Problem. Prove that a group $G$ with $|G|=p^2q^n, \ n \geq 0$ and $p \leq q,$ where $p,q$ are primes, is not simple.

Solution.  If $p=q,$ then $|G|=p^{n+2}$ and we know that every group of order $p^m,$ where $p$ is a prime and $m \geq 1,$ has a subgroup of order $p^{m-1}$ and all such subgroups are normal. So in this case $G$ is not simple. Thus we may assume that $p < q.$ The case $n=0$ is obvious. So we will consider two cases:

Case 1. $n=1$: [we do not need the condition $p for this case.] Suppose that $G$ is simple. Then $n_p=q$ and either $n_q=p$ or $n_q=p^2.$ If $n_q = p^2,$ then $G$ will have $p^2(q-1)=|G|-p^2$ elements of order $q$ because every Sylow $q$-subgroup of $G$ has exatly $q-1$ elements of order $q.$ But then we will only have $p^2$ elements left and so $n_p=1,$ which is a contradiction. If $n_q=p,$ then $q=n_p > p$ and $p=n_q > q,$ which is nonsense.

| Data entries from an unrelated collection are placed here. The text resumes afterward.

Lemma rational_onX f k : rational_on U f -> rational_on U (fun X => f X ^+ k).
Proof.
move=> rf; elim: k => [|k IHk]; first exact: rational_on_cst.
by under eq_fun do rewrite exprS; exact: rational_onM.
Qed.

Hypothesis oU : open U.

Lemma near_reval f e X : (forall Y, U Y -> rdefined e Y /\ f Y = reval e Y) -> U X ->
  \forall Y \near X, f Y = reval e Y.
Proof. by move=> fe UX; apply: filterS (open_nbhs_nbhs (conj oU UX)) => Y /fe[]. Qed.

Lemma rational_on_differentiable f X : rational_on U f -> U X -> differentiable f X.
Proof.
move=> [e fe] UX; have [de _] := fe X UX.
exact: near_eq_differentiable (near_reval fe UX) (reval_differentiable de).
Qed.

Lemma rational_on_derive f v : rational_on U f -> rational_on U ('D_v f).
Proof.
move=> [e fe]; exists (rderiv e v) => X UX; have [de _] := fe X UX.
split; first exact: rdefined_rderiv.
by rewrite -reval_derive //; apply: near_eq_derive; exact: near_reval fe UX.
Qed.

Lemma rational_rows_smooth m (F : 'rV[R]_n -> 'rV[R]_m) :
  (forall j, rational_on U (fun X => F X 0 j)) -> smooth_on U F.
Proof.
move=> rF k; elim: k F rF => [|k IHk] F rF.
  move=> X UX; apply/differentiable_continuous/differentiable_row => j.
  exact: rational_on_differentiable.
have dF X : U X -> differentiable F X.
  by move=> UX; apply: differentiable_row => j; exact: rational_on_differentiable.
split=> // v; apply: IHk => j.
have [e fe] := rational_on_derive v (rF j); exists e => X UX.
by rewrite derive_row; [exact: fe|exact: dF].
Qed.

End RationalOn.

Lemma rational_on_open_neq0 f : rational_on setT f -> open [set X | f X != 0].
Proof.
move=> rf; apply: (@open_comp _ _ f [set r : R | r != 0]); last exact: open_neq.
by move=> X _; apply/differentiable_continuous/(rational_on_differentiable openT rf).
Qed.

End RationalExpressions.

Arguments RVar {R n}.
Arguments RConst {R n}.

(* Re (f' / f) = (1/2) (|f|^2)' / |f|^2 for f = a + i b. *)
Lemma reval_re_logderiv (R : realType) n (a b : rexpr R n) v X :
  reval (RMul (RConst 2^-1) (rlogderiv (RAdd (RMul a a) (RMul b b)) v)) X =
  cRe (cdiv (reval (rderiv a v) X, reval (rderiv b v) X) (reval a X, reval b X)).
Proof. by rewrite /cdiv /cRe /= !expr2 mulrA; congr (_ * _); field. Qed.

(* The terms with k >= 3 cancel by the symmetry of d. *)
Lemma pullback_pairing_sum (R : comPzRingType) (d : nat -> nat -> R) (A B : nat -> R) :
  (forall j k, d (3 + k)%N j = d (3 + j)%N k) ->
  \sum_(j < 3) ((\sum_(k < 6) A k * d k j) * B (3 + j)%N -
                (\sum_(k < 6) B k * d k j) * A (3 + j)%N) =
  \sum_(i < 3) \sum_(j < 3) d i j * (A i * B (3 + j)%N - B i * A (3 + j)%N).
Proof.
move=> dsym; rewrite !big_ord_recr !big_ord0 /=.
by rewrite (dsym 0%N 1%N) (dsym 0%N 2%N) (dsym 1%N 2%N); ring.
Qed.

(** * The Heisenberg group *)

Section Heisenberg.
Variable R : realType.
Local Notation R3 := (R * R * R)%type.
Implicit Types (p q h : heis R) (a xi : R3) (X Y v : pt6 R).

Lemma hmul_hinv_eq0 p q : hmul (hinv p) q = (0, 0, 0) -> p = q.
Proof.
move: p q => [[x y] u] [[x' y'] u'].
rewrite /hmul /hinv /cIm /cmul /= => -[ex ey eu].
have ? : x' = x by lra.
have ? : y' = y by lra.
by subst x' y'; congr (_, _, _); rewrite -[u']subr0 -eu; ring.
Qed.

Lemma hmulVh q : hmul (hinv q) q = (0, 0, 0).
Proof. by move: q => [[? ?] ?]; rewrite /hmul /hinv /cIm /cmul /=; congr (_, _, _); ring. Qed.

Lemma hmul_hinvKV p q : hmul q (hinv (hmul (hinv p) q)) = p.
Proof.
by move: p q => [[? ?] ?] [[? ?] ?]; rewrite /hmul /hinv /cIm /cmul /=; congr (_, _, _); ring.
Qed.

Lemma hinv_hmulK q h : hmul (hinv (hmul q (hinv h))) q = h.
Proof.
by move: q h => [[? ?] ?] [[? ?] ?]; rewrite /hmul /hinv /cIm /cmul /=; congr (_, _, _); ring.
Qed.

(* The values of a covector at q = (x, y, u) on the left-invariant frame
   d/dx - (y/2) d/du, d/dy + (x/2) d/du, d/du. *)
Definition to_frame q xi : R3 :=
  (xi.1.1 - xi.2 * q.1.2 / 2, xi.1.2 + xi.2 * q.1.1 / 2, xi.2).

Definition of_frame q a : R3 :=
  (a.1.1 + a.2 * q.1.2 / 2, a.1.2 - a.2 * q.1.1 / 2, a.2).

Lemma to_frameK q : cancel (to_frame q) (of_frame q).
Proof. by move=> [[? ?] ?]; rewrite /to_frame /of_frame /=; congr (_, _, _); ring. Qed.

Lemma to_frame_eq0 q xi : to_frame q xi = (0, 0, 0) <-> xi = (0, 0, 0).
Proof.
move: xi => [[a b] c]; rewrite /to_frame /=; split=> -[ea eb ec]; subst c.
  by congr (_, _, _); lra.
by subst; congr (_, _, _); ring.
Qed.

Definition anorm2 h : R := (Afun h).1 ^+ 2 + (Afun h).2 ^+ 2.

(* alpha_(p,q) read on the frame at q, as a function of h = p^-1 q. *)
Definition frame_alpha h : R3 :=
  let s := h.1.1 ^+ 2 + h.1.2 ^+ 2 in
  ((2 * h.1.1 * s - 8 * h.1.2 * h.2) / anorm2 h,
   (2 * h.1.2 * s + 8 * h.1.1 * h.2) / anorm2 h,
   16 * h.2 / anorm2 h).

Definition frame_norm2 a : R := (a.1.1 ^+ 2 + a.1.2 ^+ 2) ^+ 2 + a.2 ^+ 2.

(* Since |a1 + i a2|^2 - i c = 4 / conj rho, rho is recovered from a, and then
   zeta = (a1 + i a2) rho / 2. *)
Definition frame_alpha_inv a : heis R :=
  let s := a.1.1 ^+ 2 + a.1.2 ^+ 2 in
  (2 * (a.1.1 * s + a.1.2 * a.2) / frame_norm2 a,
   2 * (a.1.2 * s - a.1.1 * a.2) / frame_norm2 a,
   a.2 / frame_norm2 a).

Case 2. $n \geq 2$: Suppose that $G$ is simple. Let $Q_1 \neq Q_2$ be two $q$-Sylow  subgroups of $G$ and put $H=Q_1 \cap Q_2.$ Then

$\displaystyle |G|=p^2q^n \geq |Q_1Q_2|=\frac{|Q_1| \cdot |Q_2|}{|H|}=\frac{q^{2n}}{|H|}.$

Thus $|H| \geq \frac{q^n}{p^2} > q^{n-2}.$ Therefore, since $|H| \mid q^n$ and $|H| < q^n,$ we’ll get $|H|=q^{n-1}.$ So $H \neq \{1\}$ is a normal subgroup of $Q_1$ and $Q_2.$ Hence $N_G(H)$ contains both $Q_1,Q_2$ and so $Q_1Q_2 \subseteq N_G(H).$ As a result $|N_G(H)|=p^kq^n,$ for some $k \leq 2.$ But then

$p^kq^n=|N_G(H)| \geq |Q_1Q_2|=q^{n+1},$

which gives us $p^k \geq q.$ Since $p < q,$ the only possibility would be $k=2.$ Thus $N_G(H)=G,$ i.e. $H \lhd G. \ \Box$